The State Department’s ITU-T related role going forward should also expand to deal with several significant challenges within the U.S. government itself in facilitating a difficult transition from a legacy policy world, to a new one of integrated national security and international digital economy policy appropriate for 5G extraterritorial virtualized content delivery architectures and services through public-private multilateral cooperation, and moves away from counterproductive equipment banning to knowledgeable approaches that are actually effective. Each government agency typically focuses on its own needs, practices, and constituencies — which typically encompasses only a few of the standards bodies that are part of the new 5G virtualized network ecosystem. If State can expand its scope beyond the relative handful of treaty-based standards bodies, it can play a useful role in curing international myopia and segmentation that currently exists among Federal agencies, and effect holistic engagement with the entire 5G virtualization standards ecosystem.

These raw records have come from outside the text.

(* Let $n\ge3$, $k\ge0$, let $R$ be a maximal reversible set in $G_n^k$ which is not a canonical reversible set, and let $x_1,\dots,x_{k+1}$ be a consistent labeling of $A(R)$. Let $i$ be the least positive integer with $|B(x_i,R)|\neq k+2-i$. Then: (1) $2\le i\le k-n+2$; (2) $|B(x_i,R)|=k+4-i-n$; (3) for every $j\in\{i+1,\dots,k+1\}$, $|B(x_j,R)|\le k+3-i-n$.
   Context: For integers $n\ge3$, $k\ge0$, the crown $S_n^k$ is the poset with ground set $A\cup B$, $A=\{a_1,\dots,a_{n+k}\}$, $B=\{b_1,\dots,b_{n+k}\}$, indices cyclic modulo $n+k$; elements of $A$ are pairwise incomparable, as are elements of $B$, and $a_i$ is incomparable to $b_j$ when $j\in\{i,\dots,i+k\}$ (mod $n+k$), while $a_i<b_j$ otherwise. $\mathrm{Inc}(A,B)$ is the set of pairs $(a,b)\in A\times B$ with $a$ incomparable to $b$; $G_n^k$ has vertex set $\mathrm{Inc}(A,B)$, with $(a,b)$ adjacent to $(x,y)$ iff $a<y$ and $x<b$. A set $R\subseteq\mathrm{Inc}(A,B)$ is reversible if some linear extension $L$ of $S_n^k$ has $b<a$ in $L$ for all $(a,b)\in R$; maximal reversible means maximal under inclusion among reversible sets. For $R\subseteq\mathrm{Inc}(A,B)$ and $a\in A$, $B(a,R)=\{b:(a,b)\in R\}$ and $A(R)=\{a: B(a,R)\ne\emptyset\}$. For maximal reversible $R$, $|A(R)|=k+1$ and the sets $B(a,R)$ form a chain under inclusion; a consistent labeling of $A(R)$ is a labeling $A(R)=\{x_1,\dots,x_{k+1}\}$ with $B(x_\beta,R)\subseteq B(x_\alpha,R)$ whenever $\alpha<\beta$. A subset of $A$ is contiguous if it is a block of cyclically consecutive elements; a sequence $\sigma=(x_1,\dots,x_r)$ of distinct elements of $A$ is $h$-contiguous if each $\{x_1,\dots,x_i\}$ is contiguous. $T(\sigma)$ contains every $(x_1,b)\in\mathrm{Inc}(A,B)$, and for $1\le i<r$ contains $(x_{i+1},b)$ iff $(x_{i+1},b)\in\mathrm{Inc}(A,B)$ and $(x_i,b)\in T(\sigma)$. A canonical reversible set is $T(\sigma)$ for an $h$-contiguous $\sigma$ of length $k+1$. *)

From mathcomp Require Import all_boot.
Set Implicit Arguments. Unset Strict Implicit. Unset Printing Implicit Defensive.

(* Crown S_n^k: indices in 'I_(n+k); a_i is encoded by i (side A), b_j by j (side B).
   Ground set of the poset: 'I_(n+k) + 'I_(n+k)  (inl i = a_i, inr j = b_j). *)
Section Crown.
Variables n k : nat.
Local Notation N := (n + k).
Local Notation I := ('I_N).

Definition inc (a b : I) : bool := ((b + N - a) %% N <= k).

Definition crown_lt (x y : I + I) : bool :=
  match x, y with
  | inl a, inr b => ~~ inc a b
  | _, _ => false
  end.

Definition linext (f : I + I -> nat) : Prop :=
  injective f /\ forall x y, crown_lt x y -> f x < f y.

Definition Inc : {set I * I} := [set p | inc p.1 p.2].

Definition reversible (R : {set I * I}) : Prop :=
  R \subset Inc /\
  exists f, linext f /\ forall p, p \in R -> f (inr p.2) < f (inl p.1).

Definition max_reversible (R : {set I * I}) : Prop :=
  reversible R /\ forall R', reversible R' -> R \subset R' -> R' = R.

Definition Bof (a : I) (R : {set I * I}) : {set I} := [set b | (a, b) \in R].
Definition Aof (R : {set I * I}) : {set I} := [set a | Bof a R != set0].

(* consistent labeling x_1..x_{k+1}, x_t is x (t-1) *)
Definition consistent_labeling (R : {set I * I}) (x : 'I_k.+1 -> I) : Prop :=
  injective x /\ [set x t | t in 'I_k.+1] = Aof R /\
  forall al be : 'I_k.+1, al < be -> Bof (x be) R \subset Bof (x al) R.

Definition contiguous (S : {set I}) : Prop :=
  exists (s : I) (l : nat), l <= N /\
    S = [set a : I | [exists t : 'I_N, (t < l) && (val a == (s + t) %% N)]].

Definition h_contiguous (sigma : seq I) : Prop :=
  uniq sigma /\
  forall i, 1 <= i <= size sigma -> contiguous [set a in take i sigma].

(* T(sigma): Bprev is the set of b with (previous element, b) in T *)
Fixpoint Trec (Bprev : {set I}) (s : seq I) : {set I * I} :=
  match s with
  | [::] => set0
  | a :: s' =>
      let Ba := [set b in Bprev | inc a b] in
      [set p | (p.1 == a) && (p.2 \in Ba)] :|: Trec Ba s'
  end.

Definition Tsig (sigma : seq I) : {set I * I} := Trec setT sigma.

Definition canonical (R : {set I * I}) : Prop :=
  exists sigma, size sigma = k.+1 /\ h_contiguous sigma /\ R = Tsig sigma.

End Crown.

From mathcomp Require Import all_boot zify.
Set Implicit Arguments. Unset Strict Implicit. Unset Printing Implicit Defensive.

(* Only the order h in which a linear extension puts A matters: the pairs it can
   reverse form [revset h], where B(a) consists of the b incomparable to a and
   to everything above it.  Hence a maximal reversible set is [revset h] for an
   h that cannot be modified so as to reverse more pairs, and |B(x_t)| is the
   number of b incomparable to all of the t highest elements of A.  While these
   numbers are k+2-t, the t highest elements form a cyclic arc; if this went on
   up to t = k+1, the k+1 highest elements would form an h-contiguous sequence
   whose canonical set is R.  At the first defect i, the i-th highest element y
   sits at cyclic offset e from the arc of the i-1 highest ones, and
   i-1 < e < n+k-1.  If e < i+n-2 or e > k, moving a block of elements of A to
   just above y reverses one more pair, contradicting maximality; what remains,
   i+n-2 <= e <= k, yields |B(x_i)| = k+4-i-n, and the count drops strictly at
   the next step. *)

Ltac case_ifs :=
  repeat match goal with
  | H : context [if _ then _ else _] |- _ => move: H
  | |- context [if _ then _ else _] => case: ifP => ?
  end; intros.

Lemma card_set_ord M (P : pred nat) : #|[set j : 'I_M | P j]| = count P (iota 0 M).
Proof.
rewrite cardE /enum_mem size_filter -enumT -val_enum_ord count_map.
by apply: eq_count => j; rewrite /= inE.
Qed.

Lemma count_iota_itv lo hi M : count (fun j => lo <= j < hi) (iota 0 M) = minn M hi - lo.
Proof.
elim: M => [|M IH]; first by rewrite min0n.
rewrite -addn1 iotaD count_cat IH /= add0n addn0.
by case: (boolP (lo <= M < hi)) => /= H; lia.
Qed.

Lemma card_ord_ltn M t : #|[set j : 'I_M | j < t]| = minn M t.
Proof. by rewrite (card_set_ord _ (fun j => 0 <= j < t)) count_iota_itv subn0. Qed.

Lemma eq_edivn d q q' r r' : r < d -> r' < d -> q * d + r = q' * d + r' -> q = q' /\ r = r'.
Proof. by move=> rd r'd E; have := edivn_eq q rd; rewrite E edivn_eq // => -[]. Qed.

Lemma antitone_leq_card M (g : 'I_M -> nat) : {homo g : i j /~ i <= j} ->
  forall v i, (v <= g i) = (i < #|[set j | v <= g j]|).
Proof.
move=> g_anti v i; have iM := ltn_ord i; apply/idP/idP => [vi|].
- have : [set j : 'I_M | j < i.+1] \subset [set j | v <= g j].
    by apply/subsetP => j; rewrite !inE ltnS => /g_anti; apply: leq_trans.
  by move/subset_leq_card; rewrite card_ord_ltn; lia.
- apply: contraTT; rewrite -ltnNge => gi.
  have : [set j | v <= g j] \subset [set j : 'I_M | j < i].
    apply/subsetP => j; rewrite !inE; apply: contraTT; rewrite -leqNgt -ltnNge.
    by move=> /g_anti gji; apply: leq_ltn_trans gji gi.
  by move/subset_leq_card; rewrite card_ord_ltn; lia.
Qed.

Section CyclicDistance.
Variable N : nat.

Definition cdist (x y : nat) := (y + N - x) %% N.

Lemma cdistE x y : x < N -> y < N -> cdist x y = if x <= y then y - x else y + N - x.
Proof.
move=> xN yN; rewrite /cdist; case: ifP => xy; last by rewrite modn_small; lia.
by rewrite -addnBAC // modnDr modn_small; lia.
Qed.

Lemma cdist_lt x y : x < N -> cdist x y < N.
Proof. by move=> xN; apply: ltn_pmod; lia. Qed.

Lemma cdistnn x : x < N -> cdist x x = 0.
Proof. by move=> xN; rewrite cdistE // leqnn subnn. Qed.

Lemma cdist_inj u x y : u < N -> x < N -> y < N -> cdist u x = cdist u y -> x = y.
Proof. by move=> uN xN yN; rewrite !cdistE //; case_ifs; lia. Qed.

Lemma cdist_cdist u x y : u < N -> x < N -> y < N ->
  cdist (cdist u x) (cdist u y) = cdist x y.
Proof.
move=> uN xN yN; rewrite (cdistE (cdist_lt _ uN) (cdist_lt _ uN)) !cdistE //.
by case_ifs; lia.
Qed.

Lemma cdist_addr u d : u < N -> d < N -> cdist u ((u + d) %% N) = d.
Proof.
move=> uN dN; rewrite (cdistE uN (ltn_pmod _ _)); last lia.
case: (ltnP (u + d) N) => udN; first by rewrite modn_small //; case_ifs; lia.
rewrite -(subnK udN) modnDr modn_small; last lia.
by case_ifs; lia.
Qed.

End CyclicDistance.

Section Crown.
Variables n k : nat.
Hypothesis n_ge3 : 3 <= n.
Local Notation N := (n + k).
Local Notation I := 'I_N.
Local Notation cd := (cdist N).
Implicit Types (u a b y : I) (S : {set I}).

Lemma N_gt0 : 0 < N. Proof. lia. Qed.

Lemma cdist_ord_inj u : injective (fun a : I => cd u a).
Proof. by move=> a b /(cdist_inj (ltn_ord u) (ltn_ord a) (ltn_ord b)) /val_inj. Qed.

Definition cshift u (d : nat) : I := Ordinal (ltn_pmod (u + d) N_gt0).

Lemma cdist_cshift u d : d < N -> cd u (cshift u d) = d.
Proof. exact: cdist_addr. Qed.

Lemma cshift_cdist u a : cshift u (cd u a) = a.
Proof. by apply: (@cdist_ord_inj u); rewrite cdist_cshift ?cdist_lt. Qed.

Lemma inc_cdist u a b : inc a b =
  if cd u a <= cd u b then cd u b - cd u a <= k else cd u b + n <= cd u a.
Proof.
rewrite /inc -[X in X <= k]/(cd a b) -(cdist_cdist (ltn_ord u)) //.
by rewrite cdistE ?cdist_lt //; case_ifs; lia.
Qed.

Lemma card_cdist u (P : pred nat) : #|[set b : I | P (cd u b)]| = count P (iota 0 N).
Proof.
pose dist_ord (b : I) : I := Ordinal (cdist_lt b (ltn_ord u)).
have -> : [set b : I | P (cd u b)] = dist_ord @^-1: [set j : I | P j].
  by apply/setP => b; rewrite !inE.
by rewrite card_preimset ?card_set_ord // => a b [] /cdist_ord_inj.
Qed.

Definition Bcommon S : {set I} := [set b : I | [forall a in S, inc a b]].

Definition arc u (m : nat) : {set I} := [set a : I | cd u a < m].

Lemma Bcommon_anti S S' : S \subset S' -> Bcommon S' \subset Bcommon S.
Proof.
move=> /subsetP SS'; apply/subsetP => b; rewrite !inE => /forall_inP S'b.
by apply/forall_inP => a /SS'; apply: S'b.
Qed.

A key component is the need to expand the involvement of the NSA and FCC in the activities — as was once a key part of the U.S. ICT strategy. Also needed here is State dealing with NIST’s continued support for ISO as a viable international standards venue, when ISO impedes availability of standards which NIST helps develop, in order to sell them for enormous amounts of money — unlike most other international standards bodies, including ITU-T.

Lastly, State can facilitate and coordinate private-sector involvement in ITU-T (thereby providing private-sector antitrust immunity) and the array of other international 5G virtualization standards bodies — similar to most other major nations, and as the U.S. once very successfully did. Other nations emulated that public-private success. The U.S. largely abandoned it. What is actually at risk without significant U.S. participation is an existential question, as other nations will simply carry on the work of collaboration — reaching agreements and pursuing global opportunities. After all, many third world countries do not participate. What is lost is the stature of the nation, and the ability to influence important standards that affect national security and global opportunities of its enterprises. What is that worth?

The Bottom Line

The current U.S. Administration is faced with an ironic conundrum. Do they stick with the Clinton-Gore strategy of the 1990s that attempts to depreciate the ITU-T and effecting no U.S. leadership, or do they re-invent the Reagan multilateral strategy of extensive leadership and making the ITU-T part of a global strategy to lower national barriers and expand U.S. vendor market opportunities in the 5G virtualized world of the future? The former 1990s strategy today will diminish U.S. company opportunities — especially when coupled with equipment banning based on national origin — and force them to establish independent data centers and operations in each foreign market. Perhaps most importantly, the former strategy will lead to greater destabilization and impairment of global telecommunication-related security for everyone.